The NIH Pioneer Award was designed by NIH director Elias A.
Zerhouni, M.D., to support individual scientists and thinkers
with highly innovative ideas and approaches to contemporary
challenges in biomedical research.

A central component of the NIH Roadmap for Medical Research,
the Pioneer Award was established in January 2004 to encourage
exceptional researchers and thinkers from multiple disciplines
to conduct high-risk, high-impact research related to the
improvement of human health.

To inaugurate this new program, the NIH will provide
$500,000 in direct costs per year for five years to each
Pioneer Award recipient, allowing them the time and resources
to test far-ranging ideas with the potential to make
extraordinary contributions to medical research.

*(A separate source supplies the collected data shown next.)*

(* Let $k\ge1$ be an integer, $a\in\mathbb{R}$ with $0<|a|<1$, $\sigma>0$, and let $\{\alpha_n\}$ be a sequence of real numbers with $|\alpha_n|\le\sigma$ for all $n$. If $$\sigma<\frac{1-|a|}{1-|a|^k},$$ then every real solution of $$x_{n+1}=ax_n+\alpha_n\tanh\big(x_n-a^kx_{n-k}\big),\quad n\ge0,$$ converges to $0$.
   Context: Solutions are generated by iteration from arbitrary real initial values $x_0,x_{-1},\dots,x_{-k}$. *)

From Stdlib Require Import Reals.

(* Write D m := y (m+1) - a y m for the defect of the solution with respect to
   the linear recurrence y (m+1) = a y m.  The proof has three independent parts.
   - Since |tanh u| <= |u| and y (p+k) - a^k y p is a geometric combination of
     the k defects D p, ..., D (p+k-1), the defect satisfies the k-step
     contraction  |D (p+k)| <= c * max_{j<k} |D (p+j)|  with
     c = sigma (1 - |a|^k) / (1 - |a|), and the hypothesis on sigma is exactly
     c < 1 ([tanh_feedback_contraction], [contraction_factor_bounds]).
   - A k-step contraction with factor c < 1 forces |D n| <= B c^(n/k), hence
     D n -> 0 ([k_step_geometric_bound], [k_step_contraction_cv]).
   - A linear recurrence with |a| < 1 driven by a vanishing perturbation D
     converges to 0 ([perturbed_linear_cv]). *)

From Stdlib Require Import Reals Lra Lia.
Open Scope R_scope.

(* |tanh u| <= |u|: the function u cosh u - sinh u vanishes at 0 and has
   derivative u sinh u >= 0, so sinh u lies between 0 and u cosh u. *)

Lemma cosh_pos (u : R) : 0 < cosh u.
Proof.
  unfold cosh. pose proof (exp_pos u). pose proof (exp_pos (- u)). lra.
Qed.

Lemma derivable_pt_lim_sinh_defect (x : R) :
  derivable_pt_lim (fun u => u * cosh u - sinh u) x (x * sinh x).
Proof.
  replace (x * sinh x) with ((1 * cosh x + x * sinh x) - cosh x) by ring.
  apply (derivable_pt_lim_minus (fun u => u * cosh u) sinh).
  - apply (derivable_pt_lim_mult id cosh).
    + apply derivable_pt_lim_id.
    + apply derivable_pt_lim_cosh.
  - apply derivable_pt_lim_sinh.
Qed.

Lemma sinh_defect_increasing : increasing (fun u => u * cosh u - sinh u).
Proof.
  assert (pr : derivable (fun u => u * cosh u - sinh u)).
  { intro x. exists (x * sinh x). apply derivable_pt_lim_sinh_defect. }
  apply (nonneg_derivative_1 _ pr). intro x.
  rewrite (derive_pt_eq_0 _ x (x * sinh x)) by apply derivable_pt_lim_sinh_defect.
  destruct (Rtotal_order x 0) as [Hneg | [Hzero | Hpos]].
  - assert (sinh x < sinh 0) by (apply sinh_lt; lra). rewrite sinh_0 in *. nra.
  - subst. lra.
  - assert (sinh 0 < sinh x) by (apply sinh_lt; lra). rewrite sinh_0 in *. nra.
Qed.

Lemma Rabs_sinh_le (u : R) : Rabs (sinh u) <= Rabs u * cosh u.
Proof.
  pose proof (sinh_defect_increasing 0 u) as Hup.
  pose proof (sinh_defect_increasing u 0) as Hdown.
  cbv beta in Hup, Hdown. rewrite sinh_0, cosh_0 in Hup, Hdown.
  destruct (Rle_dec 0 u) as [Hu | Hu].
  - assert (0 <= sinh u).
    { destruct (Req_dec u 0) as [-> | Hne]; [rewrite sinh_0; lra |].
      rewrite <- sinh_0. left. apply sinh_lt. lra. }
    rewrite !Rabs_right by lra. specialize (Hup Hu). lra.
  - assert (sinh u < 0) by (rewrite <- sinh_0; apply sinh_lt; lra).
    rewrite !Rabs_left by lra. specialize (Hdown ltac:(lra)). lra.
Qed.

Lemma Rabs_tanh_le (u : R) : Rabs (tanh u) <= Rabs u.
Proof.
  pose proof (cosh_pos u) as Hc.
  unfold tanh, Rdiv. rewrite Rabs_mult, Rabs_inv, (Rabs_right (cosh u)) by lra.
  apply Rmult_le_reg_r with (cosh u); [exact Hc |].
  rewrite Rmult_assoc, Rinv_l, Rmult_1_r by lra.
  apply Rabs_sinh_le.
Qed.

Lemma linear_defect_bound (a K : R) (y : nat -> R) (n m : nat) :
  Rabs a < 1 ->
  (forall j, (j < m)%nat -> Rabs (y (S (n + j)) - a * y (n + j)%nat) <= K) ->
  Rabs (y (n + m)%nat - a ^ m * y n) <= K * (1 - Rabs a ^ m) / (1 - Rabs a).
Proof.
  intros Ha. pose proof (Rabs_pos a) as Hb.
  induction m as [| m IH]; intros Hdefect.
  - rewrite Nat.add_0_r. simpl.
    replace (y n - 1 * y n) with 0 by ring. replace (K * (1 - 1)) with 0 by ring.
    rewrite Rabs_R0. unfold Rdiv. lra.
  - replace (y (n + S m)%nat - a ^ S m * y n) with
      ((y (S (n + m)) - a * y (n + m)%nat) + a * (y (n + m)%nat - a ^ m * y n))
      by (rewrite Nat.add_succ_r; simpl; ring).
    replace (K * (1 - Rabs a ^ S m) / (1 - Rabs a)) with
      (K + Rabs a * (K * (1 - Rabs a ^ m) / (1 - Rabs a))) by (simpl; field; lra).
    eapply Rle_trans; [apply Rabs_triang |]. rewrite Rabs_mult.
    apply Rplus_le_compat.
    + apply Hdefect. lia.
    + apply Rmult_le_compat_l; [exact Hb |].
      apply IH. intros j Hj. apply Hdefect. lia.
Qed.

(* A linear recurrence with |a| < 1 perturbed by a vanishing sequence converges
   to 0: after the perturbation is small, the geometric estimate bounds the
   drift, and the free part a^m y N dies out. *)
Lemma perturbed_linear_cv (a : R) (y : nat -> R) :
  Rabs a < 1 -> Un_cv (fun n => y (S n) - a * y n) 0 -> Un_cv y 0.
Proof.
  intros Ha Hdefect eps Heps. pose proof (Rabs_pos a) as Hb.
  destruct (Hdefect (eps * (1 - Rabs a) / 2)) as [N HN].
  { apply Rdiv_lt_0_compat; [apply Rmult_lt_0_compat |]; lra. }
  destruct (pow_lt_1_zero a Ha (eps / 2 / (Rabs (y N) + 1))) as [M HM].
  { pose proof (Rabs_pos (y N)). apply Rdiv_lt_0_compat; lra. }
  exists (N + M)%nat. intros n Hn. unfold R_dist. rewrite Rminus_0_r.
  replace n with (N + (n - N))%nat by lia. set (m := (n - N)%nat).
  assert (Hdrift : Rabs (y (N + m)%nat - a ^ m * y N) <= eps / 2).
  { eapply Rle_trans.
    - apply (linear_defect_bound a (eps * (1 - Rabs a) / 2)); [exact Ha |].
      intros j _. left. specialize (HN (N + j)%nat ltac:(lia)).
      unfold R_dist in HN. rewrite Rminus_0_r in HN. exact HN.
    - assert (0 <= Rabs a ^ m) by (apply pow_le; exact Hb).
      replace (eps * (1 - Rabs a) / 2 * (1 - Rabs a ^ m) / (1 - Rabs a))
        with (eps / 2 * (1 - Rabs a ^ m)) by (field; lra).
      nra. }
  assert (Hfree : Rabs (a ^ m * y N) < eps / 2).
  { pose proof (Rabs_pos (y N)) as HY. specialize (HM m ltac:(unfold m; lia)).
    rewrite Rabs_mult.
    apply Rle_lt_trans with (eps / 2 / (Rabs (y N) + 1) * Rabs (y N)).
    - apply Rmult_le_compat_r; lra.
    - apply Rmult_lt_reg_r with (Rabs (y N) + 1); [lra |].
      replace (eps / 2 / (Rabs (y N) + 1) * Rabs (y N) * (Rabs (y N) + 1))
        with (eps / 2 * Rabs (y N)) by (field; lra).
      nra. }
  replace (y (N + m)%nat) with ((y (N + m)%nat - a ^ m * y N) + a ^ m * y N) by ring.
  eapply Rle_lt_trans; [apply Rabs_triang | lra].
Qed.

Lemma prefix_bounded (D : nat -> R) (k : nat) :
  exists B, forall n, (n < k)%nat -> Rabs (D n) <= B.
Proof.
  induction k as [| k [B HB]].
  - exists 0. intros n Hn. lia.
  - exists (Rmax B (Rabs (D k))). intros n Hn.
    destruct (Nat.eq_dec n k) as [-> | Hne]; [apply Rmax_r |].
    eapply Rle_trans; [apply HB; lia | apply Rmax_l].
Qed.

Lemma pow_antitone (c : R) (m p : nat) : 0 <= c <= 1 -> (m <= p)%nat -> c ^ p <= c ^ m.
Proof.
  intros Hc Hmp. replace p with (m + (p - m))%nat by lia. rewrite pow_add.
  assert (0 <= c ^ (p - m) <= 1).
  { split; [apply pow_le; lra |]. rewrite <- (pow1 (p - m)). apply pow_incr. lra. }
  assert (0 <= c ^ m) by (apply pow_le; lra). nra.
Qed.

Section KStepContraction.

Variables (D : nat -> R) (k : nat) (c : R).
Hypothesis k_pos : (1 <= k)%nat.
Hypothesis c_bounds : 0 <= c < 1.
Hypothesis contraction : forall (p : nat) (M : R),
  (forall j, (j < k)%nat -> Rabs (D (p + j)%nat) <= M) -> Rabs (D (p + k)%nat) <= c * M.

(* Every block of k consecutive terms gains a factor c. *)
Lemma k_step_geometric_bound (B : R) :
  (forall n, (n < k)%nat -> Rabs (D n) <= B) -> forall n, Rabs (D n) <= B * c ^ (n / k).
Proof.
  intros Hinit.
  assert (HB : 0 <= B) by (eapply Rle_trans; [apply Rabs_pos | apply (Hinit 0%nat); lia]).
  intro n. induction n as [n IH] using (well_founded_induction Wf_nat.lt_wf).
  destruct (Nat.lt_ge_cases n k) as [Hlt | Hge].
  - rewrite Nat.div_small by exact Hlt. simpl. rewrite Rmult_1_r. apply Hinit, Hlt.
  - set (p := (n - k)%nat). replace n with (p + k)%nat by lia.
    assert (Hdiv : ((p + k) / k = S (p / k))%nat).
    { rewrite <- (Nat.mul_1_l k) at 1. rewrite Nat.div_add by lia. lia. }
    rewrite Hdiv. simpl pow.
    replace (B * (c * c ^ (p / k))) with (c * (B * c ^ (p / k))) by ring.
    apply contraction. intros j Hj.
    eapply Rle_trans; [apply IH; lia |].
    apply Rmult_le_compat_l; [exact HB |].
    apply pow_antitone; [lra |]. apply Nat.Div0.div_le_mono. lia.
Qed.

Lemma k_step_contraction_cv : Un_cv D 0.
Proof.
  destruct (prefix_bounded D k) as [B Hinit].
  assert (HB : 0 <= B) by (eapply Rle_trans; [apply Rabs_pos | apply (Hinit 0%nat); lia]).
  intros eps Heps.
  destruct (pow_lt_1_zero c ltac:(rewrite Rabs_right; lra) (eps / (B + 1))) as [N HN].
  { apply Rdiv_lt_0_compat; lra. }
  exists (N * k)%nat. intros n Hn. unfold R_dist. rewrite Rminus_0_r.
  assert (Hblocks : (N <= n / k)%nat).
  { rewrite <- (Nat.div_mul N k) by lia. apply Nat.Div0.div_le_mono. lia. }
  specialize (HN _ Hblocks). rewrite Rabs_right in HN by (apply Rle_ge, pow_le; lra).
  eapply Rle_lt_trans; [apply (k_step_geometric_bound B Hinit) |].
  apply Rle_lt_trans with (B * (eps / (B + 1))).
  - apply Rmult_le_compat_l; lra.
  - apply Rmult_lt_reg_r with (B + 1); [lra |].
    replace (B * (eps / (B + 1)) * (B + 1)) with (B * eps) by (field; lra). nra.
Qed.

End KStepContraction.

Lemma contraction_factor_bounds (k : nat) (b sigma : R) :
  (1 <= k)%nat -> 0 < b < 1 -> 0 < sigma -> sigma < (1 - b) / (1 - b ^ k) ->
  0 <= sigma * (1 - b ^ k) / (1 - b) < 1.
Proof.
  intros Hk Hb Hs Hsig.
  assert (Hbk : 0 <= b ^ k < 1) by (apply pow_lt_1_compat; [lra | lia]).
  split.
  - apply Rmult_le_pos; [apply Rmult_le_pos |]; [lra | lra |].
    left. apply Rinv_0_lt_compat. lra.
  - apply Rmult_lt_reg_r with ((1 - b) / (1 - b ^ k)).
    + apply Rdiv_lt_0_compat; lra.
    + replace (sigma * (1 - b ^ k) / (1 - b) * ((1 - b) / (1 - b ^ k))) with sigma
        by (field; lra).
      lra.
Qed.

(* For a solution of the tanh recurrence the defects D m = y (m+1) - a y m form a
   k-step contraction: D (p+k) = alpha_p tanh (y (p+k) - a^k y p), and the tanh
   argument is controlled by the geometric estimate over the window p..p+k-1. *)
Lemma tanh_feedback_contraction (k : nat) (a sigma : R) (alpha y : nat -> R) :
  Rabs a < 1 ->
  (forall n, Rabs (alpha n) <= sigma) ->
  (forall n : nat, y (n + k + 1)%nat =
     a * y (n + k)%nat + alpha n * tanh (y (n + k)%nat - a ^ k * y n)) ->
  forall (p : nat) (M : R),
    (forall j, (j < k)%nat -> Rabs (y (S (p + j)) - a * y (p + j)%nat) <= M) ->
    Rabs (y (S (p + k)) - a * y (p + k)%nat)
      <= sigma * (1 - Rabs a ^ k) / (1 - Rabs a) * M.
Proof.
  intros Ha Halpha Hrec p M Hwindow.
  replace (S (p + k)) with (p + k + 1)%nat by lia. rewrite Hrec.
  replace (a * y (p + k)%nat + alpha p * tanh (y (p + k)%nat - a ^ k * y p)
           - a * y (p + k)%nat)
    with (alpha p * tanh (y (p + k)%nat - a ^ k * y p)) by ring.
  pose proof (linear_defect_bound a M y p k Ha Hwindow) as Hdrift.
  pose proof (Rabs_tanh_le (y (p + k)%nat - a ^ k * y p)) as Htanh.
  replace (sigma * (1 - Rabs a ^ k) / (1 - Rabs a) * M)
    with (sigma * (M * (1 - Rabs a ^ k) / (1 - Rabs a))) by (field; lra).
  rewrite Rabs_mult. apply Rmult_le_compat; [apply Rabs_pos | apply Rabs_pos | |].
  - apply Halpha.
  - eapply Rle_trans; [exact Htanh | exact Hdrift].
Qed.

(* y m represents x_{m-k}; so y 0 .. y k are the arbitrary initial values
   x_{-k}, ..., x_0, and the recurrence x_{n+1} = a x_n + alpha_n tanh(x_n - a^k x_{n-k})
   (n >= 0) reads y (n+k+1) = a y(n+k) + alpha n * tanh (y(n+k) - a^k y n). *)
Theorem mainTheorem8 (k : nat) (a sigma : R) (alpha : nat -> R) (y : nat -> R) :
  (1 <= k)%nat ->
  0 < Rabs a < 1 ->
  0 < sigma ->
  (forall n, Rabs (alpha n) <= sigma) ->
  sigma < (1 - Rabs a) / (1 - Rabs a ^ k) ->
  (forall n : nat, y (n + k + 1)%nat = a * y (n + k)%nat + alpha n * tanh (y (n + k)%nat - a ^ k * y n)) ->
  Un_cv y 0.
Proof.
  intros Hk Ha Hsigma Halpha Hsmall Hrec.
  apply (perturbed_linear_cv a y); [lra |].
  apply (k_step_contraction_cv (fun m => y (S m) - a * y m) k
           (sigma * (1 - Rabs a ^ k) / (1 - Rabs a))).
  - exact Hk.
  - apply contraction_factor_bounds; assumption.
  - apply (tanh_feedback_contraction k a sigma alpha y); [lra | exact Halpha | exact Hrec].
Qed.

The awardees are listed below:

Larry Abbott, PhD, Brandeis University, Waltham, MA

George Daley, MD, PhD, Children's Hospital Boston,
Boston, MA

Homme Hellinga, PhD, Duke University Medical Center,
Durham, NC

Joseph McCune, MD, PhD, J. David Gladstone Institutes,
San Francisco, CA

Steven McKnight, PhD, University of Texas Southwestern
Medical Center, Dallas, TX

Chad Mirkin, PhD, Northwestern University, Evanston,
IL

Rob Phillips, PhD, California Institute of Technology,
Pasadena, CA

Stephen Quake, PhD, California Institute of Technology,
Pasadena, CA

Sunney Xie, PhD, Harvard University, Cambridge, MA

The nine recipients represent a broad spectrum of scientific
disciplines including quantitative and mathematical biology,
pathogenesis, epidemiology and translational clinical research,
molecular and cellular biology, integrative physiology,
instrumentation and bioengineering.

For more information on the NIH Director's Pioneer Award
Program, including awardee information, please visit the Web
site at http://nihroadmap.nih.gov/highrisk/index.asp.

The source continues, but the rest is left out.